**GIVEN ENTRIES**:

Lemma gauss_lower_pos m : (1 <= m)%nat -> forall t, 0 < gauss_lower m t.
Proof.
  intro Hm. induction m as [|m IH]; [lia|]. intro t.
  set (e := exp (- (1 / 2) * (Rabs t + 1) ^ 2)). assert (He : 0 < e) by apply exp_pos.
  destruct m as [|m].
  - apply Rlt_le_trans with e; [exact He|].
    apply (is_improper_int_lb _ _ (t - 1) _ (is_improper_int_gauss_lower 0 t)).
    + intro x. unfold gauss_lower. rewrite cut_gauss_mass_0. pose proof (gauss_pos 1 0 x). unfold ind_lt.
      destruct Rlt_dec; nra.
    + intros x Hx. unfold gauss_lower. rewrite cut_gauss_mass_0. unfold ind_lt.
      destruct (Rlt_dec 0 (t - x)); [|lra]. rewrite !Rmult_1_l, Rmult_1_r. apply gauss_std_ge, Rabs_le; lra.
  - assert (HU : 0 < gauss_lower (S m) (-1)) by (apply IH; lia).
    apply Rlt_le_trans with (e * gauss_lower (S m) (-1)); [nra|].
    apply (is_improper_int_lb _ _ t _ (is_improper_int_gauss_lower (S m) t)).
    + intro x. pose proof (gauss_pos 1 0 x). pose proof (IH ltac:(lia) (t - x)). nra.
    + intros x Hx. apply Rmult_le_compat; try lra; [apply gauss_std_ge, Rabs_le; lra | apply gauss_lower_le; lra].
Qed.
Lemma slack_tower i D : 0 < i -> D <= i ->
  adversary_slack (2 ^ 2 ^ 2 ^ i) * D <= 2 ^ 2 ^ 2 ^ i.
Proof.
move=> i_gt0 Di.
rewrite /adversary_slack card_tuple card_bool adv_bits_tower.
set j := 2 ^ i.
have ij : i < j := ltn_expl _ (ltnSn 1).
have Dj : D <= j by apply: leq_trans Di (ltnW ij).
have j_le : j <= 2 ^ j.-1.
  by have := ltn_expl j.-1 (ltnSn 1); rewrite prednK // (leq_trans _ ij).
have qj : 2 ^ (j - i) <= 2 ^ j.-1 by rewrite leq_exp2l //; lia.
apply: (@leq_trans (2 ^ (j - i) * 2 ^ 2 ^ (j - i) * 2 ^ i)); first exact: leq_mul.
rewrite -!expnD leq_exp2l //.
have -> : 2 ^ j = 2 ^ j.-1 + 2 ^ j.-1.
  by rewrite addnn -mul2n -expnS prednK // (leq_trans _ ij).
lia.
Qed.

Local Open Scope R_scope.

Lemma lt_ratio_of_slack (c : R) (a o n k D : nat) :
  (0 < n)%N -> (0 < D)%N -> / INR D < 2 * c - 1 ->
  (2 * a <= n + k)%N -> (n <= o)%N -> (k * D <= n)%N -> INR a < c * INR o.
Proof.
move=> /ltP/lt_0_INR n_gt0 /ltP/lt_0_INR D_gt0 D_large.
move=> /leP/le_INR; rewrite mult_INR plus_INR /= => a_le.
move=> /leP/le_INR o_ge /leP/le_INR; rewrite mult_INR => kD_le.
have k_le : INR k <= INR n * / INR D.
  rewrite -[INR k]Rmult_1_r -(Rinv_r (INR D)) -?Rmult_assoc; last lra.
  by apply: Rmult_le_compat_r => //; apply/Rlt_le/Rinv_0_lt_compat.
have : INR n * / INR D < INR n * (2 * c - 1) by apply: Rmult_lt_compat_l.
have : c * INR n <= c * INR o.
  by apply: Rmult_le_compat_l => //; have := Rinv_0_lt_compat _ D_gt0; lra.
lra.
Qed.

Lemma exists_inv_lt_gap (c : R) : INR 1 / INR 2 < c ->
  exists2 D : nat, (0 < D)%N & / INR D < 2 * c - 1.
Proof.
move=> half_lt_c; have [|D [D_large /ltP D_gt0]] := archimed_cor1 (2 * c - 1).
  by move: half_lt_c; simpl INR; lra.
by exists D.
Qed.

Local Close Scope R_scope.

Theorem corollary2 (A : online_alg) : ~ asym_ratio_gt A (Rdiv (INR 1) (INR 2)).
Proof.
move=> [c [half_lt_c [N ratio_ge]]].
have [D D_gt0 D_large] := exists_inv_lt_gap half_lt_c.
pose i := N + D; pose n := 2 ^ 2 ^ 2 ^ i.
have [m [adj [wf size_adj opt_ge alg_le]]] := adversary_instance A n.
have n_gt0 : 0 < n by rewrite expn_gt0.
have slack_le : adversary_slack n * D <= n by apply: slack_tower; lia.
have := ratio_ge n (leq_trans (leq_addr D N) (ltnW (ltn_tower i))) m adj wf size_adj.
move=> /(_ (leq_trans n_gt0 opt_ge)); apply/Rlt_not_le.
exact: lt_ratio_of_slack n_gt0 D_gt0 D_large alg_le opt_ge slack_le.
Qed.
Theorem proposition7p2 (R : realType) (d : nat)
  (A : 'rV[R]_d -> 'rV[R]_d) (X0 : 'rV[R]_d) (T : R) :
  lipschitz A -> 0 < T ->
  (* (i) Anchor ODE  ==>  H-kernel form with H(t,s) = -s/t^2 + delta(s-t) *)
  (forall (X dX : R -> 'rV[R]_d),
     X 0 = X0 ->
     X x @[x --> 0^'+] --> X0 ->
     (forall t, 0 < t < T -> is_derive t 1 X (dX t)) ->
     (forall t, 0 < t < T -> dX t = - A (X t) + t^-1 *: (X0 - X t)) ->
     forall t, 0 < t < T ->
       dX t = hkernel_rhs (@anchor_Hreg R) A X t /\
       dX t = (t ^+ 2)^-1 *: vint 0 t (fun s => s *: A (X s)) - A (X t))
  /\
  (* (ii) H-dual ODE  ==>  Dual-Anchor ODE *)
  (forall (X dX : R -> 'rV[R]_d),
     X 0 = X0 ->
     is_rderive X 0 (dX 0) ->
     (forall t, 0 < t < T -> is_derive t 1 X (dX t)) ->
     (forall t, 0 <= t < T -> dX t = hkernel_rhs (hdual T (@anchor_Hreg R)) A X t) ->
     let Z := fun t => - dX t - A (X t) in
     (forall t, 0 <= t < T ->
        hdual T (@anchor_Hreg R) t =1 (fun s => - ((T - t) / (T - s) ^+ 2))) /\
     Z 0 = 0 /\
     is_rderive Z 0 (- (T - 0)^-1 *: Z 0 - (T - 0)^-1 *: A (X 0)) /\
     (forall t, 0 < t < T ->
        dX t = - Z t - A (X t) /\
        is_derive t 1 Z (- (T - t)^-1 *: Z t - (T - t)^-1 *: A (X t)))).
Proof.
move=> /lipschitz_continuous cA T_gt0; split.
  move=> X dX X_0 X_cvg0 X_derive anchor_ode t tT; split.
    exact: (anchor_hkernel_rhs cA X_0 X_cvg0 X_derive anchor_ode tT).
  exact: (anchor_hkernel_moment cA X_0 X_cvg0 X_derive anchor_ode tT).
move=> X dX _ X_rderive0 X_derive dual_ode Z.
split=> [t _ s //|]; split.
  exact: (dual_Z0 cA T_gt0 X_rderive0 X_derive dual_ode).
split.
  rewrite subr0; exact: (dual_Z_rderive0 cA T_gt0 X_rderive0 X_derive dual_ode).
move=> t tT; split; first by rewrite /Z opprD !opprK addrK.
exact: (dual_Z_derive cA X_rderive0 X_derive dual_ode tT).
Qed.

**ACTION ITEM**:
Throughout the material above, find lines holding the word "first", then copy them.

**EXERCISE RESULT**:
apply: (@leq_trans (2 ^ (j - i) * 2 ^ 2 ^ (j - i) * 2 ^ i)); first exact: leq_mul.
move=> t tT; split; first by rewrite /Z opprD !opprK addrK.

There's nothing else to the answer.